→ Task statement: The line with "is_lub (fun v", the line with "Definition d_r (r", and all lines between them in the material below: return these exactly, and no others.

[Start of section]

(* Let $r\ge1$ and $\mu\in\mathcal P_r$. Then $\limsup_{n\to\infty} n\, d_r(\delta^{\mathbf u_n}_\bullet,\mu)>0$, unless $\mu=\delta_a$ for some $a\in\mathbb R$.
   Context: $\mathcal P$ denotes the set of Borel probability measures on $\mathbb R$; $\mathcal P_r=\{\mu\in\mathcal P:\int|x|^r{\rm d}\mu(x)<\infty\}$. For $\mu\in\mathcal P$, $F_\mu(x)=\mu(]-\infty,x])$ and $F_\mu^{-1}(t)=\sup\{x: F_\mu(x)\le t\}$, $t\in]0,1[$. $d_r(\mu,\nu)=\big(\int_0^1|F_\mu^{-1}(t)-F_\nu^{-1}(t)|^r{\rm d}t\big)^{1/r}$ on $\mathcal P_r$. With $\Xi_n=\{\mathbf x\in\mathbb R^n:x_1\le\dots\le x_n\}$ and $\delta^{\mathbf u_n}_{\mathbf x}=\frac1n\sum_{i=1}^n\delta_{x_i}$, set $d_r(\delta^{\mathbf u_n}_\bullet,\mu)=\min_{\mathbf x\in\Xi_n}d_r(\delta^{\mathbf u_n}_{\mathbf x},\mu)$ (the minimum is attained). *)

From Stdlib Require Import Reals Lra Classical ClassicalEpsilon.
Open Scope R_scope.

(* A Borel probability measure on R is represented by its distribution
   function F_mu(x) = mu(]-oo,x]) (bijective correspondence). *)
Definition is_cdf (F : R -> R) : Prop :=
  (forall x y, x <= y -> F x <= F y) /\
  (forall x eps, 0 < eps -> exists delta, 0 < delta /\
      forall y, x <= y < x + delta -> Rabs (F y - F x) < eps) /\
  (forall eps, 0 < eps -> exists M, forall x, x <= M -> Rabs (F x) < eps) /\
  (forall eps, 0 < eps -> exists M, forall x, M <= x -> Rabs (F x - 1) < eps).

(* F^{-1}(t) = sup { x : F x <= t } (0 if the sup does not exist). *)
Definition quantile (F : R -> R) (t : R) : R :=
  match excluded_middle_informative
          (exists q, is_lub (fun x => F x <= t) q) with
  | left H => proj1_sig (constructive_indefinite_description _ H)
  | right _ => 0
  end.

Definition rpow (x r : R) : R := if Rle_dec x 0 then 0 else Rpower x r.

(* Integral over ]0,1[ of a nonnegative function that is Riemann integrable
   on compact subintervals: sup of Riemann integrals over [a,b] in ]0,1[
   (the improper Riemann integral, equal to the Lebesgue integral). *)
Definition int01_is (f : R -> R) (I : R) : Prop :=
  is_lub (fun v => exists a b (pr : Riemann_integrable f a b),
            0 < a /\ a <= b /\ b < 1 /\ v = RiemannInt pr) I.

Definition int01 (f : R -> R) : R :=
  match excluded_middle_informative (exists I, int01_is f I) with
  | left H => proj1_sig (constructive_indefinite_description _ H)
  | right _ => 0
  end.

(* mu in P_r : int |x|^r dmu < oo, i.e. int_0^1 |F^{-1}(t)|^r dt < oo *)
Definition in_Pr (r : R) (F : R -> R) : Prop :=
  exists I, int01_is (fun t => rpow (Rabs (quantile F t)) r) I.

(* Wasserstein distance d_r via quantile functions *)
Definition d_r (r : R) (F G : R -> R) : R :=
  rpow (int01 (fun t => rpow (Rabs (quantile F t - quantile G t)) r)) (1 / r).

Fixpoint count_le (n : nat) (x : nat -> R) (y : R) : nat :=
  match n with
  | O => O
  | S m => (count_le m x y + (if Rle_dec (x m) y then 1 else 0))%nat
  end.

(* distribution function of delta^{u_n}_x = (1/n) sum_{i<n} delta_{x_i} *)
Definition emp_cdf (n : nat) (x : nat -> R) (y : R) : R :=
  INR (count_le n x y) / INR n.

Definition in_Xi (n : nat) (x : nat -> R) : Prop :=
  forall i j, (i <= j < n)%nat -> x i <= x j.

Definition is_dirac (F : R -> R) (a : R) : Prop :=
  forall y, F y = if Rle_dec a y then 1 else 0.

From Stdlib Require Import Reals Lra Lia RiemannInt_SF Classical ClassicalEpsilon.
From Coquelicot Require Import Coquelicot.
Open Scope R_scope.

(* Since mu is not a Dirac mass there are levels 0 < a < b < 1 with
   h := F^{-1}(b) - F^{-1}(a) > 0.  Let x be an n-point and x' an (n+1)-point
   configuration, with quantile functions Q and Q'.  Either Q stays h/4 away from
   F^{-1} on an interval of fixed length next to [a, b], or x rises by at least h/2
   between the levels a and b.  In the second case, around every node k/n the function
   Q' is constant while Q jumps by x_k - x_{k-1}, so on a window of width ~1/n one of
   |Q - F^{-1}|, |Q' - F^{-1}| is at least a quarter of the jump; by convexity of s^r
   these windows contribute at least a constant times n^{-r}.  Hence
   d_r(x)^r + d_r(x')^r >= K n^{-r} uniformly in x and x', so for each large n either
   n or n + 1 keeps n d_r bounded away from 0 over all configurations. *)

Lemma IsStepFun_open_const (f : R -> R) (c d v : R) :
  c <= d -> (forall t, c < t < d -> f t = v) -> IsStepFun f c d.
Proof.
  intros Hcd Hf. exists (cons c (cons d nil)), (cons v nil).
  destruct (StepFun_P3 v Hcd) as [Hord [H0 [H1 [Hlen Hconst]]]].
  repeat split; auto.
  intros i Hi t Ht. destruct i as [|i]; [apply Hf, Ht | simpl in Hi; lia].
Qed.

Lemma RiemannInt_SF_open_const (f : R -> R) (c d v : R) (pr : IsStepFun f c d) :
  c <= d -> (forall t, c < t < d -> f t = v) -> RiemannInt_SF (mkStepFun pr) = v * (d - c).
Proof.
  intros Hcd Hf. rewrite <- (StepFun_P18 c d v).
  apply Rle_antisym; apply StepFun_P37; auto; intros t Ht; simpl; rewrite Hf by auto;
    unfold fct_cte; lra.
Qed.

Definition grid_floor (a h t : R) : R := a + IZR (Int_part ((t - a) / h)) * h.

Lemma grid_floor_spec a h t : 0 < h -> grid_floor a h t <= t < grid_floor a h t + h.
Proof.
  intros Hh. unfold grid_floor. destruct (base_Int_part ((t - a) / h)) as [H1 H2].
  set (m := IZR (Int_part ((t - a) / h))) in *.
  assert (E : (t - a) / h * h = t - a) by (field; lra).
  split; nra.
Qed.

[End of section]
[Start of section]

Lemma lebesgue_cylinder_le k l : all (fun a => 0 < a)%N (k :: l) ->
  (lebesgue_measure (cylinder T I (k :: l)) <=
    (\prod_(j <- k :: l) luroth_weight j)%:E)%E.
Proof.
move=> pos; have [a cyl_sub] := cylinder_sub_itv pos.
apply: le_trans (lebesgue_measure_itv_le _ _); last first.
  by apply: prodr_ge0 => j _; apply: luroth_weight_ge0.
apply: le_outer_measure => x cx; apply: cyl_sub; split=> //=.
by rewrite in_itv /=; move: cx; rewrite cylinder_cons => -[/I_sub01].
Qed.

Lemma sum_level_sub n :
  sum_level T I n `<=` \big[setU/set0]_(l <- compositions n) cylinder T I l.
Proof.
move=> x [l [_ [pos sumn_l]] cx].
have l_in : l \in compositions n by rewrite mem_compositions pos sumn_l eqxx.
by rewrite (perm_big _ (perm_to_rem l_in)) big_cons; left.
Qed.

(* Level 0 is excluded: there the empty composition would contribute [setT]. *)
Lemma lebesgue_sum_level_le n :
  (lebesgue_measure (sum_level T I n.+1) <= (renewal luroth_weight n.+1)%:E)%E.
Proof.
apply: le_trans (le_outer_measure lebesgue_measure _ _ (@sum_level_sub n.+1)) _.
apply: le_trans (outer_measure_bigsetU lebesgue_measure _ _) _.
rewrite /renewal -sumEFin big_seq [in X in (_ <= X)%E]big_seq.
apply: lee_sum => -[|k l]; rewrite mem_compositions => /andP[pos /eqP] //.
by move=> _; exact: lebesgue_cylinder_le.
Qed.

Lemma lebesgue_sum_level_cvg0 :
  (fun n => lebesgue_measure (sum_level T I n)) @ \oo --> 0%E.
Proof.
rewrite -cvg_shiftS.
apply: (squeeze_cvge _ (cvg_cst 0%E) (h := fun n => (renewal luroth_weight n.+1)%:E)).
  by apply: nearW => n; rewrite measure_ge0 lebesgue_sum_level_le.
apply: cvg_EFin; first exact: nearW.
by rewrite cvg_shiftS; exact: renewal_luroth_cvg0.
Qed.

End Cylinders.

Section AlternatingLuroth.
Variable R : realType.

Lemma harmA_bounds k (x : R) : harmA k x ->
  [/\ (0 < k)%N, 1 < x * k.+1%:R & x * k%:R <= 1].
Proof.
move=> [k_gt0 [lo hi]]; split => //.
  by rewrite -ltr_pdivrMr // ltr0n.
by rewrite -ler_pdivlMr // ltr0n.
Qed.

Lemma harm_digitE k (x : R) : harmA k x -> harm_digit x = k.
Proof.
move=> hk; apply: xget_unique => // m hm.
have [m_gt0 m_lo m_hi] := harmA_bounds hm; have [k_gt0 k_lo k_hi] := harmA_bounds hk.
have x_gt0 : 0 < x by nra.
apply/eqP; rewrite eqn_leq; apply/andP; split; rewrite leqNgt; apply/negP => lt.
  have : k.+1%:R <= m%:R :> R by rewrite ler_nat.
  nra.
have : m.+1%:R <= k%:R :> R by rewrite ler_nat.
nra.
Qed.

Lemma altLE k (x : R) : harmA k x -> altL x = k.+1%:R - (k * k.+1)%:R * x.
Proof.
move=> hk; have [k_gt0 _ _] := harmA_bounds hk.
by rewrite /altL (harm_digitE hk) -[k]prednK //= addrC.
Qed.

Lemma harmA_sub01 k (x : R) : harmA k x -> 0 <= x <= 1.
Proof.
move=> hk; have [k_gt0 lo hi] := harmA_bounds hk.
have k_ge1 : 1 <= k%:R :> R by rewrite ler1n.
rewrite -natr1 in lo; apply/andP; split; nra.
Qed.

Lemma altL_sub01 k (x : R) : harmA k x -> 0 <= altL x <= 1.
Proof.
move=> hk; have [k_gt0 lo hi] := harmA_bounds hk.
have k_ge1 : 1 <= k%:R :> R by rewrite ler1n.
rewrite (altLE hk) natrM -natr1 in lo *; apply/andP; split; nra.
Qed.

[End of section]

→ Exercise solution:
  is_lub (fun v => exists a b (pr : Riemann_integrable f a b),
            0 < a /\ a <= b /\ b < 1 /\ v = RiemannInt pr) I.

Definition int01 (f : R -> R) : R :=
  match excluded_middle_informative (exists I, int01_is f I) with
  | left H => proj1_sig (constructive_indefinite_description _ H)
  | right _ => 0
  end.

(* mu in P_r : int |x|^r dmu < oo, i.e. int_0^1 |F^{-1}(t)|^r dt < oo *)
Definition in_Pr (r : R) (F : R -> R) : Prop :=
  exists I, int01_is (fun t => rpow (Rabs (quantile F t)) r) I.

(* Wasserstein distance d_r via quantile functions *)
Definition d_r (r : R) (F G : R -> R) : R :=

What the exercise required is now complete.